• [EXERCISE DETAILS]: In the records that follow, find the line with "be an $[\![n,k,d]\!]$"; from there, retype every line exactly through the line with "[ffun x => psi (col_perm s x)].", which also belongs to the answer.

• [RECORDS SHOWN]:
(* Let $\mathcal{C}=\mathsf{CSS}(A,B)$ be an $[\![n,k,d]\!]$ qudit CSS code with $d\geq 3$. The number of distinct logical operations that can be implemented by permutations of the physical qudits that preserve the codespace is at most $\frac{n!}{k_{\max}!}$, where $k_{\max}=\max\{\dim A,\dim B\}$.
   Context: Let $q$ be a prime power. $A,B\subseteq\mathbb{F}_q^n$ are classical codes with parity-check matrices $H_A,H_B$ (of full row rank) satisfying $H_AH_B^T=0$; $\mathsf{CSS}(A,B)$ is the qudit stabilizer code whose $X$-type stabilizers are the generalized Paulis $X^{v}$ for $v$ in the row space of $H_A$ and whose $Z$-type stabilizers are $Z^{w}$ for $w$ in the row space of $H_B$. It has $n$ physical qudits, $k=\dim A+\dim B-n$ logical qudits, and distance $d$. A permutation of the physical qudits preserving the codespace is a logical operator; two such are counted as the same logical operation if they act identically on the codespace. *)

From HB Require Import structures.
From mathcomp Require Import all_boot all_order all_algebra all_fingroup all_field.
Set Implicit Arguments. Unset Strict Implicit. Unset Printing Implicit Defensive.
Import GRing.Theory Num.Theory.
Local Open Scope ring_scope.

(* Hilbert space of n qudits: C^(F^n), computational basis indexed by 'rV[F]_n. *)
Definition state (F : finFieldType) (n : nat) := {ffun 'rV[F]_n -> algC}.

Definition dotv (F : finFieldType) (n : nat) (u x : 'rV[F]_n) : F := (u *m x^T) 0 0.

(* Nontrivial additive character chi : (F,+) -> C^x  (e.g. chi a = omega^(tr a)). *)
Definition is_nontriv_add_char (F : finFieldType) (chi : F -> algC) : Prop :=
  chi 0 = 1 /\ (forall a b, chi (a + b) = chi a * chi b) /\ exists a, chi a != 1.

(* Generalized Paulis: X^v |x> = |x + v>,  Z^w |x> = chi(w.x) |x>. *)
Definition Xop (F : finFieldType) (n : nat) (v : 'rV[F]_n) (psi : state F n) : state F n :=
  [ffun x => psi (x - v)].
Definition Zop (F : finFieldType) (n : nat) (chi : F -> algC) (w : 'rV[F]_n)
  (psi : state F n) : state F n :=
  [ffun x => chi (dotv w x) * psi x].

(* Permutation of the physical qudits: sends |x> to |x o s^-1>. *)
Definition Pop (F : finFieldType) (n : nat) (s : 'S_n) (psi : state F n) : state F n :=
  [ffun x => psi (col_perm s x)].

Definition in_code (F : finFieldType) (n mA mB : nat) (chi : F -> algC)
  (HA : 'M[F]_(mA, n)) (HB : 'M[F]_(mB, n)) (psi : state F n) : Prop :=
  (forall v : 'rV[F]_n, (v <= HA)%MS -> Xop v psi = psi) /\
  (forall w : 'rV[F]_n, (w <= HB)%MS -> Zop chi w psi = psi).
--
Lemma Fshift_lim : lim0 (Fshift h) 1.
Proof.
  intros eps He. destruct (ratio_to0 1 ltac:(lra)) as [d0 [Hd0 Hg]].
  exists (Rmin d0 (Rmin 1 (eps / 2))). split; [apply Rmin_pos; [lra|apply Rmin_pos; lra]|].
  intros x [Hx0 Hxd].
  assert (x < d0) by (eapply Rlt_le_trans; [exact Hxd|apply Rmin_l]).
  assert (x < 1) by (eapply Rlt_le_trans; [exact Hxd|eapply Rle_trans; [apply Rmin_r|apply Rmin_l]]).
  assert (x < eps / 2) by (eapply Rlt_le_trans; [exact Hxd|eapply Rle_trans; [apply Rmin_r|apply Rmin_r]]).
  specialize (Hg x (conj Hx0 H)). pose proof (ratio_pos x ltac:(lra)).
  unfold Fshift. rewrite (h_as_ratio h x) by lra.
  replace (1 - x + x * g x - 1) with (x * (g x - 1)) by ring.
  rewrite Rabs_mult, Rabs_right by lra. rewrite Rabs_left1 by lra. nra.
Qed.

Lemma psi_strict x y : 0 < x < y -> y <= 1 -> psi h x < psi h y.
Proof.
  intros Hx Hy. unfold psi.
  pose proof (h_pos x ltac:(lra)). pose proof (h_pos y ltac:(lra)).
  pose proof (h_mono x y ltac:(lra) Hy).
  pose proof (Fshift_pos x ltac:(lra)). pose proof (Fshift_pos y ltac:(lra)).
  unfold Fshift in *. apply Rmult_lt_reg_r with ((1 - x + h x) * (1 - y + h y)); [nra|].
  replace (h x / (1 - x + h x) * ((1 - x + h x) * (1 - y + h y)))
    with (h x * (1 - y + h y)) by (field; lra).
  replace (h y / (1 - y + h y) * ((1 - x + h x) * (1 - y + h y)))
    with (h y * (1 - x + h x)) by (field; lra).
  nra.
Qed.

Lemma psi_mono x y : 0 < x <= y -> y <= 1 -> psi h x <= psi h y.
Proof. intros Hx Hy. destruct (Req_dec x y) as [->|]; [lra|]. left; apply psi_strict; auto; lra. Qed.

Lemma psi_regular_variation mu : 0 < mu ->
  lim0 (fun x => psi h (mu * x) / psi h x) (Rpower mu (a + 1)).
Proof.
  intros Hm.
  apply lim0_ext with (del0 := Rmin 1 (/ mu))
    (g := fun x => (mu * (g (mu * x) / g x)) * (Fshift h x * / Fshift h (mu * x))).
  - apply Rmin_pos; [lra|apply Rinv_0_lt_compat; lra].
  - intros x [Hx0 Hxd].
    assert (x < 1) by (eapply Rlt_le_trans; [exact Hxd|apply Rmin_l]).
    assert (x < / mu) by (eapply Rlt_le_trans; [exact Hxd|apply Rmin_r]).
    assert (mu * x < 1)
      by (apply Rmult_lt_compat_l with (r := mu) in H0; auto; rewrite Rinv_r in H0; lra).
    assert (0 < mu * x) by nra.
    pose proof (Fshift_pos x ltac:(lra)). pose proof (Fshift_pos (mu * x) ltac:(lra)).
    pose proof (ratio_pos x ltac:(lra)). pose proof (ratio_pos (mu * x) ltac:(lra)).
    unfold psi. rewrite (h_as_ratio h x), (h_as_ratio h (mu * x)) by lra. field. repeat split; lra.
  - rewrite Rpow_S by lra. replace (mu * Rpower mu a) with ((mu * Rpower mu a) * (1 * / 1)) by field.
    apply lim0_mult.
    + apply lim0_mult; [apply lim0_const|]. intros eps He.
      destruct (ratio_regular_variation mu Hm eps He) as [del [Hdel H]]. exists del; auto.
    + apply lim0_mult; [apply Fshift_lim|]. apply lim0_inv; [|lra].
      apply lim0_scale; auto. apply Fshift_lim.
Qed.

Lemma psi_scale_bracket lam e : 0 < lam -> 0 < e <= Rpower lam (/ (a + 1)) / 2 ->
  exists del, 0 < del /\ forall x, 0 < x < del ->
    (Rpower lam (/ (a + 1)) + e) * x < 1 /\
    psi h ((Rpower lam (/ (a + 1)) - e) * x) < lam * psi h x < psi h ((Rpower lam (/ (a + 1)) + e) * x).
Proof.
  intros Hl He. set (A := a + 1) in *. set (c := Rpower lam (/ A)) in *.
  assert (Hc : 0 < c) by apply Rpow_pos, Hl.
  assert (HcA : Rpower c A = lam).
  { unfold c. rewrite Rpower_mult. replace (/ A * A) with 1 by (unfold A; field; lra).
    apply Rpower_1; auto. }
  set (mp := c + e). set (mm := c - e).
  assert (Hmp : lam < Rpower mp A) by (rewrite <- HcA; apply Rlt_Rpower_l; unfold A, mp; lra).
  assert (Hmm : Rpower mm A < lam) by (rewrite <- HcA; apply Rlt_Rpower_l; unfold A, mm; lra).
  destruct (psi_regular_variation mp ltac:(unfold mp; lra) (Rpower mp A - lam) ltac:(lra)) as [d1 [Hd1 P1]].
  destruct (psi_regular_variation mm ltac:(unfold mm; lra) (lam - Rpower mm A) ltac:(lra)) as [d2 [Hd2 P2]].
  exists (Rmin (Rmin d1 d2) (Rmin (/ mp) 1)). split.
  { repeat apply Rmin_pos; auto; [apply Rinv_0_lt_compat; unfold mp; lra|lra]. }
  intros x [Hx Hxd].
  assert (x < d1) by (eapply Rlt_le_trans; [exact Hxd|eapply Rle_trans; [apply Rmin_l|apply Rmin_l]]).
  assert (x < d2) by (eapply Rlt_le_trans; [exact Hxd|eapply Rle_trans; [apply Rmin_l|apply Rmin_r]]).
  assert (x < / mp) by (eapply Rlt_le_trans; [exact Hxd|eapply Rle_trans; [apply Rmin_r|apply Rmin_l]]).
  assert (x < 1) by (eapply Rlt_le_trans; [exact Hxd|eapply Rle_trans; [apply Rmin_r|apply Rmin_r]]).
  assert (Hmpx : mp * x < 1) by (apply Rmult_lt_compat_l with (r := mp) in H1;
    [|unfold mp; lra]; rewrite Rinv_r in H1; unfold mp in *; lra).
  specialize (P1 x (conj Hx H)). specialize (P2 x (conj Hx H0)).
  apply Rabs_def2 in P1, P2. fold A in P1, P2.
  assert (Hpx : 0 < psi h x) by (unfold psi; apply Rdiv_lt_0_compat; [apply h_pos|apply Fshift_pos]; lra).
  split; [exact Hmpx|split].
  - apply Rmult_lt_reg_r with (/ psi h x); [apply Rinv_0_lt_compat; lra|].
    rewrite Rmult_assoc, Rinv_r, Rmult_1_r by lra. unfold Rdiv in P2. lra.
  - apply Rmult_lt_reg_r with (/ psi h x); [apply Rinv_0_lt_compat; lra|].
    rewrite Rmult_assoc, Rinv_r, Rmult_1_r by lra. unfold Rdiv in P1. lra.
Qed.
==
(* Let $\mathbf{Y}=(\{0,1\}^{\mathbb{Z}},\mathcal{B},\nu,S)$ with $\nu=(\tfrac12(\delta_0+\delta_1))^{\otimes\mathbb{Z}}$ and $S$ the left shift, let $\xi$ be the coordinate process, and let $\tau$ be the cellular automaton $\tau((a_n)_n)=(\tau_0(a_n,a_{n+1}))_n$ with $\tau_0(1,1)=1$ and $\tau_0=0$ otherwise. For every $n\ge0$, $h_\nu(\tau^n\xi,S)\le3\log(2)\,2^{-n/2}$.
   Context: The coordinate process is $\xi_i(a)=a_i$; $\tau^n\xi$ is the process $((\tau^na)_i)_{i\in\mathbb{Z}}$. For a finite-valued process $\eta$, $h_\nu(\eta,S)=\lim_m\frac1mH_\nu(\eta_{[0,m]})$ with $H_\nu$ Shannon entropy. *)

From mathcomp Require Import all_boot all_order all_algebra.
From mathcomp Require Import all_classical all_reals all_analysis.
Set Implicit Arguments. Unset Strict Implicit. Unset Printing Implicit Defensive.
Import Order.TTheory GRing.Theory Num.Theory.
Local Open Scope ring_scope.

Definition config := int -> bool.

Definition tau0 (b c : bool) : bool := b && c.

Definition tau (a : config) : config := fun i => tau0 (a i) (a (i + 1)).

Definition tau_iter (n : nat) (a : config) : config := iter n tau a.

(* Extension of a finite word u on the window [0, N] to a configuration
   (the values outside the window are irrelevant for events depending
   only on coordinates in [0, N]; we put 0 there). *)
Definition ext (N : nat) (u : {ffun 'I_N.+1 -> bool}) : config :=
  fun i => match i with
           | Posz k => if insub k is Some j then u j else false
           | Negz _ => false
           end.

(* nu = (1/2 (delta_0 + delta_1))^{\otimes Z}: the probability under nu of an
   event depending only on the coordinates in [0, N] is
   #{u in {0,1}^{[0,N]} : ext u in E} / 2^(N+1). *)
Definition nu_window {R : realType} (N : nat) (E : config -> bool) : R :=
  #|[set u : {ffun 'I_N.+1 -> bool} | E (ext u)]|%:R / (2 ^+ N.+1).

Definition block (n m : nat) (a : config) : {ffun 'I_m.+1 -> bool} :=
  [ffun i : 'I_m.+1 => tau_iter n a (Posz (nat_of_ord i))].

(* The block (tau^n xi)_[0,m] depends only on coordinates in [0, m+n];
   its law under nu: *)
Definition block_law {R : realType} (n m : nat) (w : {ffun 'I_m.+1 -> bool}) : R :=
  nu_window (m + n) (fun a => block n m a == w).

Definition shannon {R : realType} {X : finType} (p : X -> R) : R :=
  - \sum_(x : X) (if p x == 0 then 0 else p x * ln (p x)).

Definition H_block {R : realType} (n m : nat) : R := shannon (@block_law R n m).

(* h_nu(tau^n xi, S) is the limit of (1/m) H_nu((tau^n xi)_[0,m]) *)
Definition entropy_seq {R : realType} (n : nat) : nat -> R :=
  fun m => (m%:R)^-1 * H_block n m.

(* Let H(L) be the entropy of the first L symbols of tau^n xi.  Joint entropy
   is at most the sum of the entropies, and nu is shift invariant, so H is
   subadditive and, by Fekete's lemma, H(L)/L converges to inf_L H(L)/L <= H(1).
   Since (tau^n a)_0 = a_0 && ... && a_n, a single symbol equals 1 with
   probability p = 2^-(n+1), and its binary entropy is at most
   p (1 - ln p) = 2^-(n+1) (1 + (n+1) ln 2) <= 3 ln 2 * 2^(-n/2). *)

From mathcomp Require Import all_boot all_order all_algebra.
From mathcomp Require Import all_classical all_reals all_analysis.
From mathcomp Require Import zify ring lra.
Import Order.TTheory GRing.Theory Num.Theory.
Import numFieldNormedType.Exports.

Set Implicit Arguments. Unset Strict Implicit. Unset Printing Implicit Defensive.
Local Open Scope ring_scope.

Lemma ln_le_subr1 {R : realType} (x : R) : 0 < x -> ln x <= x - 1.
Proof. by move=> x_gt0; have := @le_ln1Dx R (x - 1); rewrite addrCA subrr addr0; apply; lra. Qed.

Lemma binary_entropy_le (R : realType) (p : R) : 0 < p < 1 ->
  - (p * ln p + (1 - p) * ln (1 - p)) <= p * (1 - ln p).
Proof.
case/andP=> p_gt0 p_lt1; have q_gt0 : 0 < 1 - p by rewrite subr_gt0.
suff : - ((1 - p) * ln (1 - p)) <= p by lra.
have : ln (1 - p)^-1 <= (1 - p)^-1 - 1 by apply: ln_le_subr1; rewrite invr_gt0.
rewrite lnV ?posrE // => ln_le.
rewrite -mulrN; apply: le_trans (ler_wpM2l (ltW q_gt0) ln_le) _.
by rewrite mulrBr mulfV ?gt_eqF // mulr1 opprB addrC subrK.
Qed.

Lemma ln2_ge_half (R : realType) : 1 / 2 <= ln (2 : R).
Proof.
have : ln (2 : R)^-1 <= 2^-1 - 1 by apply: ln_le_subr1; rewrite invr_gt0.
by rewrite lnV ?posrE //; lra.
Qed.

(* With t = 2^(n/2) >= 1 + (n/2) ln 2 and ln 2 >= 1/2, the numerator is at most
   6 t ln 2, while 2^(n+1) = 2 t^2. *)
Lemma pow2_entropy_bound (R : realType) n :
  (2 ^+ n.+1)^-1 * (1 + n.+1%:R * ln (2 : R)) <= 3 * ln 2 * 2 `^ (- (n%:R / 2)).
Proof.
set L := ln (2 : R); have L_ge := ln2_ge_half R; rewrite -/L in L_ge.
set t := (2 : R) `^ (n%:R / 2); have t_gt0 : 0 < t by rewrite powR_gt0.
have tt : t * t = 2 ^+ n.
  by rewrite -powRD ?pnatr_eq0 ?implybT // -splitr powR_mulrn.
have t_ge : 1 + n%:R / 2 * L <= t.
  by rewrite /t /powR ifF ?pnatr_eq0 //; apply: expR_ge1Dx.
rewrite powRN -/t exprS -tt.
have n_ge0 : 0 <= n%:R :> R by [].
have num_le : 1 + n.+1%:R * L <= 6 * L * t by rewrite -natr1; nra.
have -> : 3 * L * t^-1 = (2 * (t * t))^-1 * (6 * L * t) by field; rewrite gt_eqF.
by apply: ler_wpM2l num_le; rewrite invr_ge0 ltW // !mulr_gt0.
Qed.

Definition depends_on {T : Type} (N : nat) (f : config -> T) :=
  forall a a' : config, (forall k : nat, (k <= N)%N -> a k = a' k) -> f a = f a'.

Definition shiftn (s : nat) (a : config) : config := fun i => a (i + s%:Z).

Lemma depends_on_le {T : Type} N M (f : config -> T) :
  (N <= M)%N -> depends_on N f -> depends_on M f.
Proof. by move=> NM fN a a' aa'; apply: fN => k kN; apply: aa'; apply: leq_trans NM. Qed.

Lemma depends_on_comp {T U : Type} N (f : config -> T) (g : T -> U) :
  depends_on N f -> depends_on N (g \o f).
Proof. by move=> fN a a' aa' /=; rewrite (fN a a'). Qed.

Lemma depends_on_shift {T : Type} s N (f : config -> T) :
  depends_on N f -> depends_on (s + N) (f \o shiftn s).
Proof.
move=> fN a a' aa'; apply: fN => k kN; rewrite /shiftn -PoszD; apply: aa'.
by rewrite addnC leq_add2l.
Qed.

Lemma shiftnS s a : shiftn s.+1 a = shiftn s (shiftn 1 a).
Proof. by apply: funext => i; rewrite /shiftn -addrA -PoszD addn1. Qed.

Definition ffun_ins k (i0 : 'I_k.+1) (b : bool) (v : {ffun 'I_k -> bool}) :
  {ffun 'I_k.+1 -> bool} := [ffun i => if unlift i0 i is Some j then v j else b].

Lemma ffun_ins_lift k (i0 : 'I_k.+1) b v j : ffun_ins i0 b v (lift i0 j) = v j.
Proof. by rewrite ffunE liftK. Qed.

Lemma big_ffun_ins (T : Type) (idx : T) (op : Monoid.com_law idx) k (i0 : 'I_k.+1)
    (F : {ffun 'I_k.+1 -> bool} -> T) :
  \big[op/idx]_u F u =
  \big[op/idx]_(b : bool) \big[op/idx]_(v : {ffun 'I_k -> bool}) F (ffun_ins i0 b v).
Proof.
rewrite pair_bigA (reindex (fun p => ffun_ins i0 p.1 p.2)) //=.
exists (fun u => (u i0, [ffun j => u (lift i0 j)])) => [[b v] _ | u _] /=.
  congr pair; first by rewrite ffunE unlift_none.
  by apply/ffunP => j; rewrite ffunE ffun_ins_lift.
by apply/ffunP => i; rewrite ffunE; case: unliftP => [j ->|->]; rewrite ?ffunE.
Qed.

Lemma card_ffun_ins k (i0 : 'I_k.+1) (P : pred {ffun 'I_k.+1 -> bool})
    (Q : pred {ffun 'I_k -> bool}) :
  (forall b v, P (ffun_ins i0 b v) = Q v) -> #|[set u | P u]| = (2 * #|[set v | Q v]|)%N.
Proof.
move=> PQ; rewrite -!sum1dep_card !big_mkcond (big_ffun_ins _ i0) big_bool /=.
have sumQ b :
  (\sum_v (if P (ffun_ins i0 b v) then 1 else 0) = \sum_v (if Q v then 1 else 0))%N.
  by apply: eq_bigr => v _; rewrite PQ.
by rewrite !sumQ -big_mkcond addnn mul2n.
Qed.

• [OUTPUT BELOW]:
(* Let $\mathcal{C}=\mathsf{CSS}(A,B)$ be an $[\![n,k,d]\!]$ qudit CSS code with $d\geq 3$. The number of distinct logical operations that can be implemented by permutations of the physical qudits that preserve the codespace is at most $\frac{n!}{k_{\max}!}$, where $k_{\max}=\max\{\dim A,\dim B\}$.
   Context: Let $q$ be a prime power. $A,B\subseteq\mathbb{F}_q^n$ are classical codes with parity-check matrices $H_A,H_B$ (of full row rank) satisfying $H_AH_B^T=0$; $\mathsf{CSS}(A,B)$ is the qudit stabilizer code whose $X$-type stabilizers are the generalized Paulis $X^{v}$ for $v$ in the row space of $H_A$ and whose $Z$-type stabilizers are $Z^{w}$ for $w$ in the row space of $H_B$. It has $n$ physical qudits, $k=\dim A+\dim B-n$ logical qudits, and distance $d$. A permutation of the physical qudits preserving the codespace is a logical operator; two such are counted as the same logical operation if they act identically on the codespace. *)

From HB Require Import structures.
From mathcomp Require Import all_boot all_order all_algebra all_fingroup all_field.
Set Implicit Arguments. Unset Strict Implicit. Unset Printing Implicit Defensive.
Import GRing.Theory Num.Theory.
Local Open Scope ring_scope.

(* Hilbert space of n qudits: C^(F^n), computational basis indexed by 'rV[F]_n. *)
Definition state (F : finFieldType) (n : nat) := {ffun 'rV[F]_n -> algC}.

Definition dotv (F : finFieldType) (n : nat) (u x : 'rV[F]_n) : F := (u *m x^T) 0 0.

(* Nontrivial additive character chi : (F,+) -> C^x  (e.g. chi a = omega^(tr a)). *)
Definition is_nontriv_add_char (F : finFieldType) (chi : F -> algC) : Prop :=
  chi 0 = 1 /\ (forall a b, chi (a + b) = chi a * chi b) /\ exists a, chi a != 1.

(* Generalized Paulis: X^v |x> = |x + v>,  Z^w |x> = chi(w.x) |x>. *)
Definition Xop (F : finFieldType) (n : nat) (v : 'rV[F]_n) (psi : state F n) : state F n :=
  [ffun x => psi (x - v)].
Definition Zop (F : finFieldType) (n : nat) (chi : F -> algC) (w : 'rV[F]_n)
  (psi : state F n) : state F n :=
  [ffun x => chi (dotv w x) * psi x].

(* Permutation of the physical qudits: sends |x> to |x o s^-1>. *)
Definition Pop (F : finFieldType) (n : nat) (s : 'S_n) (psi : state F n) : state F n :=
  [ffun x => psi (col_perm s x)].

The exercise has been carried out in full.